To establish a performance benchmark, we compared GRACKLE to other NMF models using simulated gene expression generated data. The simulated profiles were based on transcription factor (TF)-gene regulatory relationships inferred from breast tissue from GTEx using the Passing Attributes between Networks for Data Assimilation (PANDA) algorithm (Glass et al. 2013; Lonsdale et al. 2013). Gene expression profiles were then simulated using the inferred gene regulatory network as input to the Stochastic Gene Network Simulator (SGNSim) (Ribeiro and Lloyd-Price 2007; Tripathi et al. 2017). In addition, since the aim of GRACKLE is to identify subgroup-specific gene regulatory patterns, we isolated 5 network modules and systematically upregulated genes in these 5 modules in a set of samples to simulate subgroup-specific gene regulatory activation.

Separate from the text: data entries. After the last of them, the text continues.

Section EdgeRefinement.
Variables (R : realType) (n : nat) (V : {set {set 'I_n}}) (E : {set {set {set 'I_n}}}).
Variables e1 e2 : {set {set 'I_n}}.
Hypotheses (hH : is_hypergraph V E) (e1E : e1 \in E) (se21 : e2 \subset e1).
Hypotheses (e2notE : e2 \notin E) (e2_gt1 : (1 < #|e2|)%N).
Implicit Types (u w p : {set 'I_n} -> R) (J : {set 'I_n}).

Local Notation E' := (e2 |: E).
Local Notation ext := (@extend R n e1 e2).
Local Notation prj := (@proj R n (JH V E)).

Let se2V : e2 \subset V.
Proof. by case: hH => _ _ /(_ e1 e1E) [se1V _]; apply: subset_trans se1V. Qed.

Let hH' : is_hypergraph V E' := is_hypergraph_setU1 hH se2V e2_gt1.

Lemma JH_notin_Jset J : J \in JH V E -> J \notin Jset e2.
Proof. by apply: contraL; apply: Jset_notin_JH. Qed.

Lemma wpt_extend u i : i \in cover V -> wpt (ext u) i = wpt u i.
Proof. by move/(set1_in_JH E)/JH_notin_Jset; apply: extend_out. Qed.

Lemma extend_marginal u J : J \in Jset e2 ->
  ext u J = \sum_(J' in Jset e1 | J \subset J') ext u J'.
Proof.
move=> hJ; rewrite /extend hJ; apply: eq_bigr => J' /andP [hJ' _].
by rewrite (negbTE (JH_notin_Jset (Jset_sub_JH V e1E hJ'))).
Qed.

Lemma extend_projK w : supported (JH V E') w ->
  (forall J, J \in Jset e2 -> w J = \sum_(J' in Jset e1 | J \subset J') w J') ->
  ext (prj w) = w.
Proof.
move=> wsup wmarg; apply: funext => J; have [hJ | nJ] := boolP (J \in Jset e2).
  rewrite /extend hJ wmarg //; apply: eq_bigr => J' /andP [hJ' _].
  exact: proj_in (Jset_sub_JH V e1E hJ').
rewrite extend_out // /proj; case: ifPn => // nJH.
by rewrite wsup // JH_setU1 negb_or nJH.
Qed.

Lemma proj_extendK u : supported (JH V E) u -> prj (ext u) = u.
Proof.
move=> usup; apply: funext => J; rewrite /proj; case: ifPn => [/JH_notin_Jset|/usup //].
exact: extend_out.
Qed.

Lemma SH_proj p : SH V E' p -> SH V E (prj p).
Proof.
case=> _ p01 psum pprod; split.
- exact: proj_supported.
- by move=> J hJ; rewrite proj_in //; apply: p01; rewrite JH_setU1 hJ.
- move=> I hI; rewrite -(psum I hI); apply: eq_bigr => i hi.
  by apply: wpt_proj; apply: (subsetP (bigcup_sup I hI)).
- move=> J hJ J_gt1; rewrite proj_in // pprod ?JH_setU1 ?hJ //.
  by apply: eq_bigr => i /(subsetP (JH_sub_cover hH hJ)) /(wpt_proj E p) ->.
Qed.

Lemma SH_extend p : SH V E p -> SH V E' (ext p).
Proof.
move=> hp; have [psup p01 psum pprod] := hp.
have ext_e2 J : J \in Jset e2 -> ext p J = \prod_(i in J) wpt p i.
  by move=> hJ; rewrite /extend hJ (SH_marginal hH hp e1E se21 hJ).
have prod_ext J : J \subset cover V ->
    \prod_(i in J) wpt (ext p) i = \prod_(i in J) wpt p i.
  by move=> sJV; apply: eq_bigr => i /(subsetP sJV); apply: wpt_extend.
split.
- move=> J; rewrite JH_setU1 negb_or => /andP [nJH nJ].
  by rewrite extend_out // psup.
- move=> J; rewrite JH_setU1 => /orP [hJ | hJ].
    by rewrite extend_out ?JH_notin_Jset //; apply: p01.
  rewrite ext_e2 // prod01E; first by case: (_ \subset _); [right | left].
  by move=> i /(subsetP (Jset_sub_cover se2V hJ)); apply: SH_wpt01 hp.
- move=> I hI; rewrite -(psum I hI); apply: eq_bigr => i hi; apply: wpt_extend.
  by apply: (subsetP (bigcup_sup I hI)).
- move=> J; rewrite JH_setU1 => /orP [hJ | hJ] J_gt1.
    by rewrite extend_out ?JH_notin_Jset // pprod // prod_ext ?(JH_sub_cover hH).
  by rewrite ext_e2 // prod_ext ?(Jset_sub_cover se2V).
Qed.

Lemma SH_marginal_refined p J : SH V E' p -> J \in Jset e2 ->
  p J = \sum_(J' in Jset e1 | J \subset J') p J'.
Proof.
move=> hp hJ; rewrite (SH_marginal hH' hp _ se21 hJ) ?in_setU1 ?e1E ?orbT //.
exact: (SH_Jset_prod hH' hp (setU11 e2 E) hJ).
Qed.

Lemma MC_extend_projK w : MC V E' w -> ext (prj w) = w.
Proof.
apply: conv_fixed (lincomb_preserving_comp (extend_lincomb _ _) (@proj_lincomb _ _ _)) _.
move=> p hp; apply: extend_projK; first by case: hp.
by move=> J; apply: SH_marginal_refined.
Qed.

Lemma MC_proj w : MC V E' w -> MC V E (prj w).
Proof. by apply: conv_image; [apply: proj_lincomb | apply: SH_proj]. Qed.

Lemma MC_extend v : MC V E v -> MC V E' (ext v).
Proof. by apply: conv_image; [apply: extend_lincomb | apply: SH_extend]. Qed.

End EdgeRefinement.

Theorem proposition2p3 (R : realType) (n : nat) (V : {set {set 'I_n}})
    (E : {set {set {set 'I_n}}}) (e1 e2 : {set {set 'I_n}}) :
  (0 < n)%N ->
  is_hypergraph V E ->
  e1 \in E -> e2 \proper e1 -> e2 \notin E -> (1 < #|e2|)%N ->
  let E' := e2 |: E in
  (* proj_{J^H} is linear *)
  (forall (a : R) (w1 w2 : {set 'I_n} -> R),
      proj (JH V E) (fun J => a * w1 J + w2 J)
      = (fun J => a * proj (JH V E) w1 J + proj (JH V E) w2 J)) /\
  (* its restriction to MC^{H'} is a bijection onto MC^H *)
  (forall w : {set 'I_n} -> R, MC V E' w -> MC V E (proj (JH V E) w)) /\
  (forall w1 w2 : {set 'I_n} -> R, MC V E' w1 -> MC V E' w2 ->
      proj (JH V E) w1 = proj (JH V E) w2 -> w1 = w2) /\
  (forall v : {set 'I_n} -> R, MC V E v ->
      exists w, MC V E' w /\ proj (JH V E) w = v) /\
  (* explicit description of MC^{H'} *)
  (forall w : {set 'I_n} -> R,
      MC V E' w <->
      [/\ supported (JH V E') w,
          MC V E (proj (JH V E) w) &
          forall J, J \in Jset e2 ->
            w J = \sum_(J' in Jset e1 | J \subset J') w J']).
Proof.
move=> _ hH e1E /proper_sub se21 e2notE e2_gt1 E'.
have extK (w : {set 'I_n} -> R) : MC V E' w -> extend e1 e2 (proj (JH V E) w) = w.
  exact: MC_extend_projK.
split.
  move=> a w1 w2; apply: funext => J; rewrite /proj.
  by case: ifP; rewrite ?mulr0 ?addr0.
split; first exact: MC_proj.
split; first by move=> w1 w2 hw1 hw2 eqw; rewrite -(extK w1) // -(extK w2) // eqw.
split.
  move=> v hv; exists (extend e1 e2 v); split; first exact: MC_extend.
  by apply: proj_extendK; last exact: MC_supported hv.
move=> w; split=> [hw | [wsup hw wmarg]].
  split; [exact: MC_supported | exact: MC_proj hw |].
  by move=> J hJ; rewrite -(extK w hw); apply: (extend_marginal hH).
have <- : extend e1 e2 (proj (JH V E) w) = w by apply: extend_projK.
exact: MC_extend.
Qed.
(* Let $r$ be a constant positive integer and $\varepsilon>0$ a constant. For each $n$, let $L(r,m)=(A\cup B,E)$ be a connected bipartite graph on $m=m(n)$ vertices with bipartition $(A,B)$ such that every vertex in $A$ has at most $r$ neighbors in $B$. If $m=O(n^{1-\varepsilon})$, then $$\lim_{n\to\infty}\frac{\log M_{L(r,m)}(n)}{\binom{n}{2}}=1.$$
   Context: Logarithms are base 2. For graphs $G,G'$ on the same vertex set $[n]$, their symmetric difference $G\oplus G'$ is the graph on $[n]$ whose edge set consists of all edges belonging to exactly one of $G,G'$. For a graph $L$, $M_{L}(n)$ denotes the maximum possible size of a family $\mathcal{G}$ of graphs on vertex set $[n]$ such that for any two distinct $G,G'\in\mathcal{G}$, $G\oplus G'$ contains $L$ as a subgraph. *)

From mathcomp Require Import all_boot.
Set Implicit Arguments. Unset Strict Implicit. Unset Printing Implicit Defensive.

(* A graph on vertex set [n] = 'I_n is a set of 2-element subsets (edges). *)
Definition graph (n : nat) := {set {set 'I_n}}.

Definition is_graph n (G : graph n) : bool := [forall e in G, #|e| == 2].

Definition symdiff n (G G' : graph n) : graph n := (G :\: G') :|: (G' :\: G).

Definition contains_sub n m (H : graph n) (L : rel 'I_m) : bool :=
  [exists f : {ffun 'I_m -> 'I_n},
     injectiveb f && [forall x, forall y, L x y ==> ([set f x; f y] \in H)]].

Definition good_family n m (L : rel 'I_m) (F : {set graph n}) : bool :=
  [forall G in F, is_graph G] &&
  [forall G in F, forall G' in F, (G != G') ==> contains_sub (symdiff G G') L].

Definition M_L n m (L : rel 'I_m) : nat :=
  \max_(F : {set graph n} | good_family L F) #|F|.

Definition simple_graph m (L : rel 'I_m) : Prop :=
  (forall x y, L x y = L y x) /\ (forall x, ~~ L x x).
Definition connected m (L : rel 'I_m) : Prop := forall x y, connect L x y.

Definition bipartite_deg m (L : rel 'I_m) (A : {set 'I_m}) (r : nat) : Prop :=
  (forall x y, L x y -> (x \in A) = (y \notin A)) /\
  (forall x, x \in A -> #|[set y | L x y]| <= r).

(* Trivially M_L(n) <= 2 ^ C(n, 2).  Conversely, every graph H on [n] with
   at least d ~ n^2 / (4 s^2) edges contains L: by dependent random choice (the common
   neighbourhood of t random vertices, minus one vertex of each "bad" small subset) H has a
   set U of at least m vertices whose r-subsets all have at least m common neighbours, and
   L embeds greedily, its B-side into U and each vertex of A into the common neighbourhood
   of the images of its neighbours.  This needs m^t (n+1)^r = o(n^t), which holds once
   t eps >= r + 2 because m = O(n^(1-eps)).  Hence any Gilbert-Varshamov code of edge sets
   with minimum distance d is an admissible family; bounding Hamming balls by weighting a
   set J with s^|complement of J| gives log2 M_L(n) >= (1 - 4/s) C(n, 2). *)

From mathcomp Require Import all_boot zify.
From Stdlib Require Import Reals Lra.
(* [Reals] rebinds [_ ^ _] in [nat_scope] to [Nat.pow]; restore [expn]. *)
Import ssrnat.
Set Implicit Arguments. Unset Strict Implicit. Unset Printing Implicit Defensive.

(** * Counting *)

Lemma leq_expn2r m1 m2 e : m1 <= m2 -> m1 ^ e <= m2 ^ e.
Proof. by move=> le12; case: e => // e; rewrite leq_exp2r. Qed.

Lemma card_small_sets_le (T : finType) r : #|[set S : {set T} | #|S| <= r]| <= #|T|.+1 ^ r.
Proof.
pose code (S : {set T}) : {ffun 'I_r -> option T} :=
  [ffun i : 'I_r => nth None [seq Some x | x <- enum S] i].
have codeE (S : {set T}) x : #|S| <= r -> (x \in S) = (Some x \in codom (code S)).
  move=> Sr; apply/idP/codomP => [Sx | [i]].
    have xS : index x (enum S) < size (enum S) by rewrite index_mem mem_enum.
    have xr : index x (enum S) < r by rewrite (leq_trans xS) // -cardE.
    by exists (Ordinal xr); rewrite ffunE (nth_map x None _ xS) nth_index ?mem_enum.
  rewrite ffunE; case: (ltnP i (size (enum S))) => [iS | Si].
    by rewrite (nth_map x None _ iS) => -[->]; rewrite -mem_enum mem_nth.
  by rewrite nth_default ?size_map.
have code_inj : {in [set S : {set T} | #|S| <= r] &, injective code}.
  by move=> S1 S2; rewrite !inE => S1r S2r eq12; apply/setP => x; rewrite !codeE // eq12.
rewrite -(card_in_imset code_inj) (leq_trans (max_card _)) //.
by rewrite card_ffun card_option card_ord.
Qed.

Lemma card_set_sum (T : finType) (P : pred T) : #|[set x | P x]| = \sum_x P x.
Proof. by rewrite -sum1dep_card big_mkcond. Qed.

Lemma sum_card_set_exchange (X Y : finType) (R : X -> Y -> bool) :
  \sum_x #|[set y | R x y]| = \sum_y #|[set x | R x y]|.
Proof.
under eq_bigr do rewrite card_set_sum.
by rewrite exchange_big; apply: eq_bigr => y _; rewrite card_set_sum.
Qed.

Lemma exists_subset_avoiding (T : finType) (X : {set T}) (B : {set {set T}}) :
  set0 \notin B ->
  exists U : {set T},
    [/\ U \subset X, #|X| <= #|U| + #|B| & {in B, forall S : {set T}, ~~ (S \subset U)}].
Proof.
move=> B_ne0; pose P := [set x | [exists S in B, [pick y in S] == Some x]].
exists (X :\: P); split; first exact: subsetDl.
  have P_B : #|P| <= #|B|.
    rewrite -(card_imset _ Some_inj).
    apply: leq_trans (leq_imset_card (fun S : {set T} => [pick y in S]) B).
    apply: subset_leq_card; apply/subsetP => _ /imsetP[x + ->].
    by rewrite inE => /exists_inP[S BS /eqP <-]; rewrite imset_f.
  by rewrite -(cardsID P X) addnC leq_add2l (leq_trans (subset_leq_card (subsetIr _ _))).
move=> S BS; have [x Sx] : exists x, x \in S.
  by apply/set0Pn; apply: contraNneq B_ne0 => <-.
have [y Sy pickS] : exists2 y, y \in S & [pick y in S] = Some y.
  by case: pickP => [y Sy | /(_ x)]; [exists y | rewrite Sx].
apply/subsetPn; exists y; rewrite // !inE negb_and negbK.
by apply/orP; left; apply/exists_inP; exists S; rewrite ?pickS.
Qed.

Lemma exists_leq_of_sum_leq (I : finType) (f g : I -> nat) :
  \sum_i g i <= \sum_i f i -> 0 < #|I| -> exists i, g i <= f i.
Proof.
move=> sum_le I_gt0; case: (pickP (fun i => g i <= f i)) => [i | f_lt]; first by exists i.
have : \sum_i (f i + 1) <= \sum_i g i.
  by apply: leq_sum => i _; rewrite addn1 ltnNge f_lt.
rewrite big_split sum_nat_const /= muln1.
move=> /leq_trans/(_ sum_le); rewrite -[X in _ <= X]addn0 leq_add2l leqn0.
by rewrite -leqn0 leqNgt I_gt0.
Qed.

Lemma exists_injective_choice (I T : finType) (t0 : T) (C : I -> {set T}) (D : {set I}) :
  {in D, forall i, #|D| <= #|C i|} ->
  exists2 g : I -> T, {in D &, injective g} & {in D, forall i, g i \in C i}.
Proof.
have [k] := ubnP #|D|; elim: k D => // k IH D; rewrite ltnS => Dk bigC.
have [D0 | [i0 Di0]] := set_0Vmem D.
  by exists (fun=> t0) => [i|i]; rewrite D0 inE.
have Dk' : #|D :\ i0| < k by rewrite (cardsD1 i0) Di0 in Dk.
have bigC' : {in D :\ i0, forall i, #|D :\ i0| <= #|C i|}.
  move=> i /setD1P[_ Di]; apply: leq_trans (bigC i Di).
  by rewrite subset_leq_card // subD1set.
have [g g_inj gC] := IH _ Dk' bigC'.
have [x /setDP[xC xg]] : exists x, x \in C i0 :\: g @: (D :\ i0).
  apply/set0Pn; rewrite -card_gt0 cardsD.
  have := bigC i0 Di0; rewrite (cardsD1 i0 D) Di0.
  have := leq_imset_card g (D :\ i0); have := subset_leq_card (subsetIr (C i0) (g @: (D :\ i0))).
  lia.
have g_D i : i \in D -> i != i0 -> g i \in g @: (D :\ i0).
  by move=> Di ii0; rewrite imset_f // !inE ii0.
exists (fun i => if i == i0 then x else g i) => [i j Di Dj | i Di] /=.
  case: eqP => [-> | /eqP ii0]; case: eqP => [-> | /eqP ji0] //.
  - by move=> xg_eq; move: xg; rewrite xg_eq g_D.
  - by move=> gx_eq; move: xg; rewrite -gx_eq g_D.
  - by apply: g_inj; rewrite !inE ?ii0 ?ji0.
by case: eqP => [-> // | /eqP ii0]; apply: gC; rewrite !inE ii0.
Qed.

Lemma rearrangement_expn a b t : a * b ^ t + b * a ^ t <= a ^ t.+1 + b ^ t.+1.
Proof.
wlog ab : a b / a <= b => [hwlog|].
  by case: (leqP a b) => [/hwlog // | /ltnW /hwlog]; rewrite addnC [_ + b ^ _]addnC.
have := leq_expn2r t ab; rewrite !expnS; nia.
Qed.

Lemma chebyshev_sum_expn (I : finType) (x : I -> nat) t :
  (\sum_i x i) * (\sum_i x i ^ t) <= #|I| * \sum_i x i ^ t.+1.
Proof.
have sum_prod : (\sum_i x i) * (\sum_i x i ^ t) = \sum_i \sum_j x i * x j ^ t.
  by rewrite big_distrl; apply: eq_bigr => i _; rewrite big_distrr.
rewrite -(leq_pmul2l (isT : 0 < 2)) mul2n -addnn {1}sum_prod sum_prod [X in _ + X]exchange_big.
rewrite -big_split /=; apply: (@leq_trans (\sum_i \sum_j (x i ^ t.+1 + x j ^ t.+1))).
  by apply: leq_sum => i _; rewrite -big_split leq_sum // => j _; apply: rearrangement_expn.
under eq_bigr do rewrite big_split /= sum_nat_const.
by rewrite big_split /= sum_nat_const -big_distrr /= mul2n -addnn.
Qed.

Lemma power_mean_expn (I : finType) (x : I -> nat) t :
  (\sum_i x i) ^ t * #|I| <= #|I| ^ t * \sum_i x i ^ t.
Proof.
elim: t => [|t IH].
  by rewrite expn0 mul1n expn0 mul1n sum_nat_const muln1 cardT.
rewrite expnS -mulnA (leq_trans (leq_mul (leqnn _) IH)) // mulnCA expnSr -mulnA leq_mul2l.
by rewrite chebyshev_sum_expn orbT.
Qed.

(** * Embedding bounded-degree bipartite graphs in dense graphs *)

Definition common_nbhd n (H : graph n) (S : {set 'I_n}) : {set 'I_n} :=
  [set u | [forall s in S, [set u; s] \in H]].

Lemma contains_sub_of_rich_set n m (L : rel 'I_m) (A : {set 'I_m}) r
    (H : graph n) (U : {set 'I_n}) :
  0 < n -> symmetric L -> bipartite_deg L A r -> m <= #|U| ->
  (forall S : {set 'I_n}, S \subset U -> #|S| <= r -> m <= #|common_nbhd H S|) ->
  contains_sub H L.
Proof.
move=> n_gt0 L_sym [L_bip degA] mU richU; pose t0 := Ordinal n_gt0.
(* Embed [~: A] injectively into [U], then each [a \in A] into the common neighbourhood
   of the images of its neighbours, avoiding the image of [~: A]. *)
have nbhd_notA a y : a \in A -> L a y -> y \in ~: A.
  by move=> Aa /L_bip; rewrite Aa inE => <-.
have [h h_inj hU] :
    exists2 h : 'I_m -> 'I_n, {in ~: A &, injective h} & {in ~: A, forall y, h y \in U}.
  apply: (@exists_injective_choice _ _ t0 (fun=> U)) => y _.
  by rewrite (leq_trans (max_card _)) // card_ord.
pose C a := common_nbhd H (h @: [set y | L a y]) :\: h @: ~: A.
have [g g_inj gC] :
    exists2 g : 'I_m -> 'I_n, {in A &, injective g} & {in A, forall a, g a \in C a}.
  apply: (@exists_injective_choice _ _ t0 C) => a Aa.
  have richNa : m <= #|common_nbhd H (h @: [set y | L a y])|.
    apply: richU; last exact: leq_trans (leq_imset_card _ _) (degA a Aa).
    by apply/subsetP => _ /imsetP[y + ->]; rewrite inE => /(nbhd_notA a y Aa) /hU.
  set N := common_nbhd H _ in richNa *.
  have hB : #|N :&: h @: ~: A| <= #|~: A|.
    exact: leq_trans (subset_leq_card (subsetIr _ _)) (leq_imset_card _ _).
  have cA : #|A| + #|~: A| = m by rewrite cardsC card_ord.
  by rewrite cardsD -{1}(addnK #|~: A| #|A|) cA leq_sub.
have g_nbhd a y : a \in A -> L a y -> [set g a; h y] \in H.
  move=> Aa Lay; have /setDP[+ _] := gC a Aa; rewrite inE => /forall_inP; apply.
  by rewrite imset_f // inE.
have g_notin_h a y : a \in A -> y \notin A -> g a != h y.
  move=> Aa Ay; have /setDP[_] := gC a Aa; apply: contraNneq => ->.
  by rewrite imset_f // inE.
apply/existsP; exists [ffun x => if x \in A then g x else h x]; apply/andP; split.
  apply/injectiveP => x y; rewrite !ffunE.
  case: (boolP (x \in A)) => Ax; case: (boolP (y \in A)) => Ay.
  - exact: g_inj.
  - by move/eqP; rewrite (negbTE (g_notin_h x y Ax Ay)).
  - by move/esym/eqP; rewrite (negbTE (g_notin_h y x Ay Ax)).
  - by apply: h_inj; rewrite inE.
apply/forallP => x; apply/forallP => y; apply/implyP => Lxy; rewrite !ffunE.
have := L_bip x y Lxy; case: (boolP (x \in A)) => Ax /esym.
  by move=> /negbTE ->; exact: g_nbhd.
by move/negbFE => Ay; rewrite Ay setUC; apply: g_nbhd; rewrite // L_sym.
Qed.

Section DependentRandomChoice.

Variables (n : nat) (H : graph n).

Lemma card_ffun_common_nbhd t (S : {set 'I_n}) :
  #|[set T : {ffun 'I_t -> 'I_n} | S \subset common_nbhd H [set T i | i : 'I_t]]|
  = #|common_nbhd H S| ^ t.
Proof.
rewrite -[t in RHS]card_ord -card_ffun_on; apply: eq_card => T; rewrite inE.
apply/subsetP/ffun_onP => [SN i | NS s Ss]; rewrite inE.
  apply/forall_inP => s /SN; rewrite inE => /forall_inP/(_ (T i)).
  by rewrite setUC imset_f // => /(_ isT).
apply/forall_inP => _ /imsetP[i _ ->]; have := NS i; rewrite inE setUC.
by move/forall_inP/(_ s Ss).
Qed.

Lemma sum_card_common_nbhd_ffun t :
  \sum_(T : {ffun 'I_t -> 'I_n}) #|common_nbhd H [set T i | i : 'I_t]|
  = \sum_u #|common_nbhd H [set u]| ^ t.
Proof.
pose N (T : {ffun 'I_t -> 'I_n}) := common_nbhd H [set T i | i : 'I_t].
rewrite (eq_bigr (fun T => #|[set u | u \in N T]|)) => [|T _]; last first.
  by apply: eq_card => u; rewrite inE.
rewrite sum_card_set_exchange; apply: eq_bigr => u _.
rewrite -card_ffun_common_nbhd; apply: eq_card => T.
by rewrite [in LHS]inE [in RHS]inE sub1set.
Qed.

Lemma common_nbhd0 : common_nbhd H set0 = setT.
Proof. by apply/setP => u; rewrite !inE; apply/forall_inP => s; rewrite inE. Qed.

We assessed the ability of GRACKLE and the other algorithms to decompose the gene expression data into latent variables that matched the simulated subgroups (i.e., gene module differential gene regulation) (Fig. 2). We randomly stratified the simulated profiles into a 70/30 training/testing split, then calculated the decomposed W and H matrices from the training data. We next projected the testing gene expression data into W using nonnegative least squares based on the trained H matrix. We calculated the accuracy of alignment to the subgroups based on whether the corresponding latent variable in the decomposed sample and gene matrices have the highest loadings for samples and genes of an assigned subgroup. For example, we consider a result to be accurate if the samples in subgroup A and the corresponding upregulated genes in module A have the highest loadings in LV1 of the decomposed sample and gene matrices W and H. We reported the average accuracy over all subgroups. The overall process is outlined in the schematic below:
In the simulation studies, we evaluated performance over λ_1 (penalization for sample similarity, S_S) and λ_2 (penalization for gene similarity, S_G) values [0, 1] at an interval of 0.1. We tested GRACKLE over varying levels of background gene expression noise, decreased network modularity, and increased network transitivity (i.e., the percent of graph nodes involved in triangles). We benchmarked GRACKLE against three comparable algorithms: NMF, GNMF, and a prior informed graph regularized NMF inspired by netNMF-sc, which we call pr-GNMF. The NMF model served as a baseline and corresponds to λ_1 =0 and λ_2 =0. For GNMF, the affinity matrix for the gene regularization was calculated with k-nearest neighbors and the λ parameter, which affects the degree of graph regularization, was optimized using the parameters defined by Cai et al. (number of nearest neighbors = 5, λ = [1,10, 10^2, 10^3, 10^4] (Cai et al. 2011) ). For pr-GNMF, the same GRN used for GRACKLE was used for regularization of the gene similarity matrix. For both GNMF and pr-GNMF, graph regularization was performed for the maximum value of λ_2 tested. To avoid overfitting, we calculated the average performance over 100 iterations.